This issue seems to be particularly important for the mammalian genomes, where the variation in genomic G + C composition is more pronounced (isochores), reflecting dramatic differences in local mutational patterns. Biased gene conversion and transcriptionally coupled mutation in these genomes could be correlated to expression levels and might produce directional biases in the estimation of S (Birdsell 2002; Duret 2002; Comeron 2004; Lynch 2007). Urrutia and Hurst (2003), Comeron (2004), and Yang and Nielsen (2008) have attempted, in various ways, to analyze the effect of expression levels on selected codon usage after taking into account various mutational effects. Urrutia and Hurst (2003) showed that expression levels in human are correlated with codon bias after correcting for local nucleotide composition, however, is not clear whether their method would account for biased gene conversion or transcriptionally coupled mutation. Comeron (2004) performed a similar analysis of human expression and codon usage and found that transcription-associated mutational bias (TAMB) is a major factor determining codon usage in humans, however, for genes expressed in tissues with no evidence for TAMB, this worker found a definite preference for a set of optimal codons.
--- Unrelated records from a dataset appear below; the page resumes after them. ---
(* Let $q_1,\dots,q_8$ be the eight points $(\pm1,\pm1,\pm1)$ of $\mathbb{R}^3$, let $t\in(0,1)$ and $q_{j+8}=tq_j$ ($j=1,\dots,8$). Place nonzero mass $\mu_1$ at each vertex $q_1,\dots,q_8$ of the outer cube and nonzero mass $\mu_2$ at each vertex $q_9,\dots,q_{16}$ of the inner cube. There exists $\delta\in(0,1)$ such that: if $t\in(0,\delta)$ and the configuration is central, then $\mu_1$ and $\mu_2$ have the same sign; if $t\in(\delta,1)$ and the configuration is central, then $\mu_1$ and $\mu_2$ have opposite signs.
   Context: A configuration $q=(q_1,\dots,q_N)$ of distinct points in $\mathbb{R}^3$ with masses $m_1,\dots,m_N$ is a central configuration if there exists $c\in\mathbb{R}$ such that $\sum_{j\neq i} m_j\left(\frac{1}{|q_j-q_i|^3}-c\right)(q_j-q_i)=0$ for all $i=1,\dots,N$. *)

From Stdlib Require Import Reals List Arith.
Open Scope R_scope.

Definition pt : Type := (R * R * R)%type.
Definition px (p : pt) : R := fst (fst p).
Definition py (p : pt) : R := snd (fst p).
Definition pz (p : pt) : R := snd p.

Definition dist3 (p q : pt) : R :=
  sqrt ((px p - px q) ^ 2 + (py p - py q) ^ 2 + (pz p - pz q) ^ 2).

Definition sum_except (N i : nat) (f : nat -> R) : R :=
  fold_right Rplus 0 (map f (filter (fun j => negb (Nat.eqb j i)) (seq 0 N))).

Definition central_config (N : nat) (q : nat -> pt) (m : nat -> R) : Prop :=
  (forall i j, (i < N)%nat -> (j < N)%nat -> i <> j -> q i <> q j) /\
  exists c : R, forall i, (i < N)%nat ->
    sum_except N i (fun j => m j * (/ (dist3 (q j) (q i)) ^ 3 - c) * (px (q j) - px (q i))) = 0 /\
    sum_except N i (fun j => m j * (/ (dist3 (q j) (q i)) ^ 3 - c) * (py (q j) - py (q i))) = 0 /\
    sum_except N i (fun j => m j * (/ (dist3 (q j) (q i)) ^ 3 - c) * (pz (q j) - pz (q i))) = 0.

Definition sgnb (b : bool) : R := if b then 1 else -1.

Definition cube_vertex (k : nat) : pt :=
  (sgnb (Nat.testbit k 0), sgnb (Nat.testbit k 1), sgnb (Nat.testbit k 2)).

Definition scale (t : R) (p : pt) : pt := (t * px p, t * py p, t * pz p).

(* Indices 0..7: outer cube q_1..q_8; indices 8..15: inner cube q_{j+8} = t q_j. *)
Definition nested_cubes (t : R) (k : nat) : pt :=
  if (k <? 8)%nat then cube_vertex k else scale t (cube_vertex (k - 8)).

Definition nested_masses (mu1 mu2 : R) (k : nat) : R :=
  if (k <? 8)%nat then mu1 else mu2.

(* Look at the outer vertex v = (-1,-1,-1) and the inner vertex t v.  The x-components of
   their equilibrium equations are linear in the multiplier c, and eliminating c leaves
   mu1 t^2 P(t) = mu2 (2a - G(t)), where a is a positive constant of the cube, P > 0 on
   (0,1), and G is strictly increasing with G(1/2) < 2a < G(3/4).  So mu1 and mu2 have the
   same sign below the root delta of G = 2a and opposite signs above it. *)

From Stdlib Require Import Reals Lra Psatz.
From Coquelicot Require Import Coquelicot.
Open Scope R_scope.

Lemma same_sign_of_balance (x y p r : R) :
  x <> 0 -> 0 < p -> 0 < r -> x * p = y * r -> (0 < x /\ 0 < y) \/ (x < 0 /\ y < 0).
Proof. intros Hx Hp Hr E. destruct (Rdichotomy _ _ Hx); [right | left]; split; nra. Qed.

Lemma opposite_sign_of_balance (x y p r : R) :
  x <> 0 -> 0 < p -> r < 0 -> x * p = y * r -> (0 < x /\ y < 0) \/ (x < 0 /\ 0 < y).
Proof. intros Hx Hp Hr E. destruct (Rdichotomy _ _ Hx); [right | left]; split; nra. Qed.

Definition increasing_on_unit_interval (f : R -> R) : Prop :=
  forall x y, 0 < x -> x < y -> y < 1 -> f x < f y.

Lemma increasing_of_derive (f f' : R -> R) :
  (forall x, 0 < x < 1 -> is_derive f x (f' x)) -> (forall x, 0 < x < 1 -> 0 < f' x) ->
  increasing_on_unit_interval f.
Proof.
  intros Hd Hpos x y Hx Hxy Hy.
  apply (incr_function f 0 1 f'); simpl; try lra;
    intros z Hz0 Hz1; [apply Hd | apply Hpos]; simpl in *; lra.
Qed.

Lemma increasing_crossing (f : R -> R) (c x0 x1 : R) :
  increasing_on_unit_interval f -> 0 < x0 < 1 -> 0 < x1 < 1 -> f x0 < c -> c < f x1 ->
  exists d, 0 < d < 1 /\
    (forall t, 0 < t < d -> f t < c) /\ (forall t, d < t < 1 -> c < f t).
Proof.
  intros Hf Hx0 Hx1 Hc0 Hc1.
  set (below := fun t => 0 < t < 1 /\ f t < c).
  destruct (completeness below) as [d [Hub Hlub]].
  - exists 1. intros t [Ht _]. lra.
  - exists x0. split; assumption.
  - assert (Hd0 : x0 <= d) by (apply Hub; split; assumption).
    assert (Hd1 : d <= x1).
    { apply Hlub. intros s [Hs Hfs]. destruct (Rlt_or_le x1 s) as [Hlt|]; [|lra].
      pose proof (Hf x1 s ltac:(lra) Hlt ltac:(lra)). lra. }
    exists d. split; [lra | split]; intros t Ht.
    + destruct (Rlt_or_le (f t) c) as [|Hge]; [assumption | exfalso].
      assert (Ht_ub : is_upper_bound below t).
      { intros s [Hs Hfs]. destruct (Rlt_or_le t s) as [Hlt|]; [|lra].
        pose proof (Hf t s ltac:(lra) Hlt ltac:(lra)). lra. }
      pose proof (Hlub t Ht_ub). lra.
    + destruct (Rlt_or_le c (f t)) as [|Hle]; [assumption | exfalso].
      assert (Hmid : below ((d + t) / 2)).
      { split; [lra|]. pose proof (Hf ((d + t) / 2) t ltac:(lra) ltac:(lra) ltac:(lra)). lra. }
      pose proof (Hub _ Hmid). lra.
Qed.

Lemma inv_cube_le_of_sq (w m u : R) :
  0 < w -> 0 < m <= w * w -> 0 <= u -> 1 <= u^2 * m^3 -> / w^3 <= u.
Proof.
  intros Hw Hm Hu Hum.
  assert (Hm3 : m^3 <= (w * w)^3) by (apply pow_incr; lra).
  assert (Hsq : 1 <= (u * w^3)^2).
  { replace ((u * w^3)^2) with (u^2 * (w * w)^3) by ring.
    apply (Rle_trans _ (u^2 * m^3)); [lra | apply Rmult_le_compat_l; nra]. }
  assert (0 <= u * w^3) by (apply Rmult_le_pos; [lra | apply pow_le; lra]).
  assert (Huw : 1 <= u * w^3) by nra.
  apply (Rmult_le_reg_l (w^3)); [apply pow_lt; lra|].
  rewrite Rinv_r by (apply pow_nonzero; lra). lra.
Qed.

Definition S2 : R := sqrt 2.
Definition S3 : R := sqrt 3.

(* Distances from the inner vertex t v to the outer vertices differing from v in one,
   resp. two, coordinates; the remaining outer vertices are at distance S3 (1 -+ t). *)
Definition d1 (t : R) : R := sqrt (3 - 2*t + 3*t^2).
Definition d2 (t : R) : R := sqrt (3 + 2*t + 3*t^2).

(* Sum of |w - v|^-3 over the outer vertices w whose x-coordinate differs from that of v. *)
Definition a : R := / 2^3 + 2 * (/ (2*S2))^3 + (/ (2*S3))^3.
Definition K : R := / S3^3.

Definition P (t : R) : R :=
  t * (2*a + 4*K / (1 - t^2)^2 - 3 / d1 t^3 - 3 / d2 t^3) + (/ d1 t^3 - / d2 t^3).

Definition G (t : R) : R :=
  K * (t^3 / (1+t)^2 + t^3 / (1-t)^2) + t^3 * (3+t) / d2 t^3 + t^3 * (3-t) / d1 t^3.

Lemma S2_sq : S2 * S2 = 2.
Proof. apply sqrt_sqrt; lra. Qed.

Lemma S3_sq : S3 * S3 = 3.
Proof. apply sqrt_sqrt; lra. Qed.

Lemma d1_sq t : d1 t * d1 t = 3 - 2*t + 3*t^2.
Proof. apply sqrt_sqrt; nra. Qed.

Lemma d2_sq t : d2 t * d2 t = 3 + 2*t + 3*t^2.
Proof. apply sqrt_sqrt; nra. Qed.

Lemma d1_pos t : 0 < d1 t.
Proof. apply sqrt_lt_R0; nra. Qed.

Lemma d2_pos t : 0 < d2 t.
Proof. apply sqrt_lt_R0; nra. Qed.

Lemma S2_bounds : 1.414 <= S2 <= 1.4143.
Proof. pose proof S2_sq; pose proof (sqrt_pos 2); fold S2 in *; split; nra. Qed.

Lemma S3_bounds : 1.732 <= S3 <= 1.7321.
Proof. pose proof S3_sq; pose proof (sqrt_pos 3); fold S3 in *; split; nra. Qed.

Lemma a_bounds : 0.23743 <= a <= 0.23746.
Proof.
  pose proof S2_bounds; pose proof S3_bounds; pose proof S2_sq; pose proof S3_sq.
  assert (Ea : a = / 8 + / (8*S2) + / (24*S3)).
  { unfold a. field_simplify; [| lra | lra].
    replace (S2^3) with (2*S2) by (simpl; nra). replace (S3^3) with (3*S3) by (simpl; nra).
    field; lra. }
  assert (Hb : / (8*S2) * (8*S2) = 1) by (field; lra).
  assert (Hc : / (24*S3) * (24*S3) = 1) by (field; lra).
  assert (0 < / (8*S2)) by (apply Rinv_0_lt_compat; lra).
  assert (0 < / (24*S3)) by (apply Rinv_0_lt_compat; lra).
  rewrite Ea; split; nra.
Qed.

Lemma K_bounds : 0.19244 <= K <= 0.19246.
Proof.
  pose proof S3_bounds; pose proof S3_sq.
  assert (HK : K * (3*S3) = 1).
  { unfold K. replace (S3^3) with (3*S3) by (simpl; nra). field; lra. }
  assert (0 < K) by (unfold K; apply Rinv_0_lt_compat, pow_lt; lra).
  split; nra.
Qed.

Ltac canonical_distances t :=
  pose proof S2_sq; pose proof S3_sq; pose proof (d1_sq t); pose proof (d2_sq t);
  pose proof S2_bounds; pose proof S3_bounds; pose proof (d1_pos t); pose proof (d2_pos t);
  repeat match goal with |- context [sqrt ?X] =>
    first [ rewrite (sqrt_lem_1 X 2) by nra
          | rewrite (sqrt_lem_1 X (2*S2)) by nra
          | rewrite (sqrt_lem_1 X (2*S3)) by nra
          | rewrite (sqrt_lem_1 X (S3*(1-t))) by nra
          | rewrite (sqrt_lem_1 X (S3*(1+t))) by nra
          | rewrite (sqrt_lem_1 X (d1 t)) by nra
          | rewrite (sqrt_lem_1 X (d2 t)) by nra
          | rewrite (sqrt_lem_1 X (2*t)) by nra
          | rewrite (sqrt_lem_1 X (2*t*S2)) by nra
          | rewrite (sqrt_lem_1 X (2*t*S3)) by nra ]
  end.

(* The x-components of the equations at the points of index 0 and 8, i.e. at v and t v,
   are linear in c; t times the first minus the second eliminates c. *)
Lemma central_nested_cubes_balance t mu1 mu2 : 0 < t < 1 ->
  central_config 16 (nested_cubes t) (nested_masses mu1 mu2) ->
  mu1 * (t^2 * P t) = mu2 * (2*a - G t).
Proof.
  intros Ht [_ [c Hc]].
  destruct (Hc 0%nat ltac:(lia)) as [Hout _]. destruct (Hc 8%nat ltac:(lia)) as [Hin _].
  clear Hc. revert Hout Hin. unfold dist3.
  cbn [sum_except List.filter List.seq List.map List.fold_right Nat.eqb negb
       nested_cubes nested_masses cube_vertex scale sgnb px py pz fst snd
       Nat.ltb Nat.leb Nat.testbit Nat.odd Nat.even Nat.div2 Nat.sub].
  canonical_distances t.
  intros Hout Hin.
  lazymatch type of Hout with ?L0 = 0 => lazymatch type of Hin with ?L8 = 0 =>
    assert (E : mu1 * (t^2 * P t) - mu2 * (2*a - G t) = t^2 * (t * L0 - L8)) end end.
  { unfold P, G, a, K. field. repeat split; nra. }
  rewrite Hout, Hin in E. lra.
Qed.

Lemma P_coeff_pos t : 0 < t < 1 ->
  0 < 2*a + 4*K / (1 - t^2)^2 - 3 / d1 t^3 - 3 / d2 t^3.
Proof.
  intros Ht.
  pose proof a_bounds; pose proof K_bounds; pose proof (d1_sq t); pose proof (d2_sq t).
  pose proof (d1_pos t); pose proof (d2_pos t).
  assert (HK : 4*K <= 4*K / (1 - t^2)^2).
  { assert (Hs : 0 < (1 - t^2)^2 <= 1).
    { assert (0 < 1 - t^2 <= 1) by nra. split; [apply pow_lt; lra | simpl; nra]. }
    unfold Rdiv. rewrite <- (Rmult_1_r (4*K)) at 1. apply Rmult_le_compat_l; [lra|].
    rewrite <- Rinv_1. apply Rinv_le_contravar; lra. }
  unfold Rdiv.
  assert (Hd1 : / d1 t^3 <= 0.23005).
  { apply (inv_cube_le_of_sq _ (8/3)); try lra. pose proof (pow2_ge_0 (t - 1/3)); nra. }
  destruct (Rle_or_lt t (1/6)); [|destruct (Rle_or_lt t (1/3))].
  - assert (/ d1 t^3 <= 0.21941) by (apply (inv_cube_le_of_sq _ 2.75); nra).
    assert (/ d2 t^3 <= 0.19247) by (apply (inv_cube_le_of_sq _ 3); nra).
    lra.
  - assert (/ d2 t^3 <= 0.15846) by (apply (inv_cube_le_of_sq _ (41/12)); nra).
    lra.
  - assert (/ d2 t^3 <= 0.125) by (apply (inv_cube_le_of_sq _ 4); nra).
    lra.
Qed.

Lemma P_pos t : 0 < t < 1 -> 0 < P t.
Proof.
  intros Ht. pose proof (P_coeff_pos t Ht).
  assert (Hd : d1 t <= d2 t).
  { pose proof (d1_pos t); pose proof (d2_pos t); pose proof (d1_sq t); pose proof (d2_sq t).
    nra. }
  assert (/ d2 t^3 <= / d1 t^3).
  { pose proof (d1_pos t).
    apply Rinv_le_contravar; [apply pow_lt | apply pow_incr]; lra. }
  assert (0 < t * (2*a + 4*K / (1 - t^2)^2 - 3 / d1 t^3 - 3 / d2 t^3))
    by (apply Rmult_lt_0_compat; lra).
  unfold P. lra.
Qed.

Lemma increasing_cube_over_sq_1pt : increasing_on_unit_interval (fun t => t^3 / (1+t)^2).
Proof.
  apply (increasing_of_derive _ (fun t => t^2 * (3+t) / (1+t)^3)); intros t Ht.
  - auto_derive; [|field]; repeat split; apply Rgt_not_eq; nra.
  - apply Rdiv_lt_0_compat; [nra | apply pow_lt; lra].
Qed.

Lemma increasing_cube_over_sq_1mt : increasing_on_unit_interval (fun t => t^3 / (1-t)^2).
Proof.
  apply (increasing_of_derive _ (fun t => t^2 * (3-t) / (1-t)^3)); intros t Ht.
  - auto_derive; [|field]; repeat split; apply Rgt_not_eq; nra.
  - apply Rdiv_lt_0_compat; [nra | apply pow_lt; lra].
Qed.

Lemma increasing_d2_term : increasing_on_unit_interval (fun t => t^3 * (3+t) / d2 t^3).
Proof.
  apply (increasing_of_derive _
    (fun t => t^2 * ((9 + 4*t) * d2 t^2 - 3*t*(3+t)*(1 + 3*t)) / d2 t^5));
    intros t Ht; pose proof (d2_pos t).
  - unfold d2; auto_derive; fold (d2 t); change (sqrt (3 + 2*t + 3*(t*(t*1)))) with (d2 t).
    + repeat split; [nra | apply (pow_nonzero _ 3); lra].
    + field; apply Rgt_not_eq; lra.
  - apply Rdiv_lt_0_compat; [|apply pow_lt; lra].
    replace (d2 t^2) with (d2 t * d2 t) by ring. rewrite d2_sq. nra.
Qed.

Lemma increasing_d1_term : increasing_on_unit_interval (fun t => t^3 * (3-t) / d1 t^3).
Proof.
  apply (increasing_of_derive _
    (fun t => t^2 * ((9 - 4*t) * d1 t^2 - 3*t*(3-t)*(3*t - 1)) / d1 t^5));
    intros t Ht; pose proof (d1_pos t).
  - unfold d1; auto_derive; fold (d1 t); change (sqrt (3 + - (2*t) + 3*(t*(t*1)))) with (d1 t).
    + repeat split; [nra | apply (pow_nonzero _ 3); lra].
    + field; apply Rgt_not_eq; lra.
  - apply Rdiv_lt_0_compat; [|apply pow_lt; lra].
    replace (d1 t^2) with (d1 t * d1 t) by ring. rewrite d1_sq. nra.
Qed.

Lemma G_increasing : increasing_on_unit_interval G.
Proof.
  intros x y Hx Hxy Hy. pose proof K_bounds. unfold G.
  pose proof (increasing_cube_over_sq_1pt x y Hx Hxy Hy).
  pose proof (increasing_cube_over_sq_1mt x y Hx Hxy Hy).
  pose proof (increasing_d2_term x y Hx Hxy Hy).
  pose proof (increasing_d1_term x y Hx Hxy Hy).
  simpl in *. nra.
Qed.

Lemma G_half_lt : G (1/2) < 2*a.
Proof.
  pose proof K_bounds; pose proof a_bounds.
  assert (/ d2 (1/2)^3 <= 1/8).
  { apply (inv_cube_le_of_sq _ 4); [apply d2_pos | rewrite d2_sq | |]; lra. }
  assert (/ d1 (1/2)^3 <= 0.22).
  { apply (inv_cube_le_of_sq _ 2.75); [apply d1_pos | rewrite d1_sq | |]; lra. }
  unfold G, Rdiv. lra.
Qed.

Lemma G_three_quarters_gt : 2*a < G (3/4).
Proof.
  pose proof K_bounds; pose proof a_bounds.
  assert (0 < / d2 (3/4)^3) by (apply Rinv_0_lt_compat, pow_lt, d2_pos).
  assert (0 < / d1 (3/4)^3) by (apply Rinv_0_lt_compat, pow_lt, d1_pos).
  unfold G, Rdiv. lra.
Qed.

Theorem theorem11 :
  exists delta : R, 0 < delta < 1 /\
    forall t mu1 mu2 : R, mu1 <> 0 -> mu2 <> 0 ->
      ((0 < t < delta ->
          central_config 16 (nested_cubes t) (nested_masses mu1 mu2) ->
          (0 < mu1 /\ 0 < mu2) \/ (mu1 < 0 /\ mu2 < 0)) /\
       (delta < t < 1 ->
          central_config 16 (nested_cubes t) (nested_masses mu1 mu2) ->
          (0 < mu1 /\ mu2 < 0) \/ (mu1 < 0 /\ 0 < mu2))).
Proof.
  destruct (increasing_crossing G (2*a) (1/2) (3/4) G_increasing
              ltac:(lra) ltac:(lra) G_half_lt G_three_quarters_gt)
    as [delta [Hdelta [Hbelow Habove]]].
  exists delta. split; [exact Hdelta|].
  intros t mu1 mu2 Hmu1 _. split; intros Ht Hcc;
    pose proof (central_nested_cubes_balance t mu1 mu2 ltac:(lra) Hcc) as Hbal;
    assert (Hp : 0 < t^2 * P t)
      by (apply Rmult_lt_0_compat; [apply pow_lt | apply P_pos]; lra).
  - apply (same_sign_of_balance _ _ _ (2*a - G t) Hmu1 Hp); [|exact Hbal].
    pose proof (Hbelow t Ht). lra.
  - apply (opposite_sign_of_balance _ _ _ (2*a - G t) Hmu1 Hp); [|exact Hbal].
    pose proof (Habove t Ht). lra.
Qed.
Finally, Yang and Nielsen (2008) extended well-known codon substitution models to include population genetic parameters and selection on codon usage. Their model implicitly takes into account the local nucleotide composition of a gene, and it uses the phylogenetic relationship among a set of orthologous genes to estimate the substitution parameters. They tested the model on a set of 5,639 orthologs from five mammalian genomes and found, under a likelihood ratio test, that the null hypothesis of no selection on codon bias could be readily rejected. It is not the objective of this work to present a detailed analysis of translational selection in mammals. The estimated S values we report here for human and mouse simply reflect the log-odds ratio of codon usage in lowly versus highly expressed genes. Whether the relatively modest positive deviation we observe in this ratio is due to selection as suggested by the authors above or is due to other forces such as biased gene conversion (Lynch 2007) or TAMB (Comeron 2004) is a contentious topic that requires more research.

Another issue is the meaning of S. This is a confounded parameter that contains a numerical constant (2 or 4), the effective population size (Ne), and the actual selection coefficient (s). The value of the numerical constant depends on whether the organism is haploid or diploid and, in the case of diploidy, on the selection model being considered (Crow and Kimura 1970). Nearly all studies seem to assume genic selection, if this assumption does not hold, then the exact form of S cannot be known unless a different model is explicitly specified. Furthermore, some organisms like the baker's yeast present alternating haploid and diploid phases, which could arguably lead to oscillations between 2Nes and 4Nes, with the estimated value of S being an average over the variable numerical constant. However, it is important to note that S, as defined in this work, is simply the log-odds ratio between the relative frequencies of the optimal codon in highly versus lowly expressed genes. This is, nonetheless, a useful comparative measure of selected codon usage in disparate organisms such as eubacteria, unicellular eukaryotes, or metazoans.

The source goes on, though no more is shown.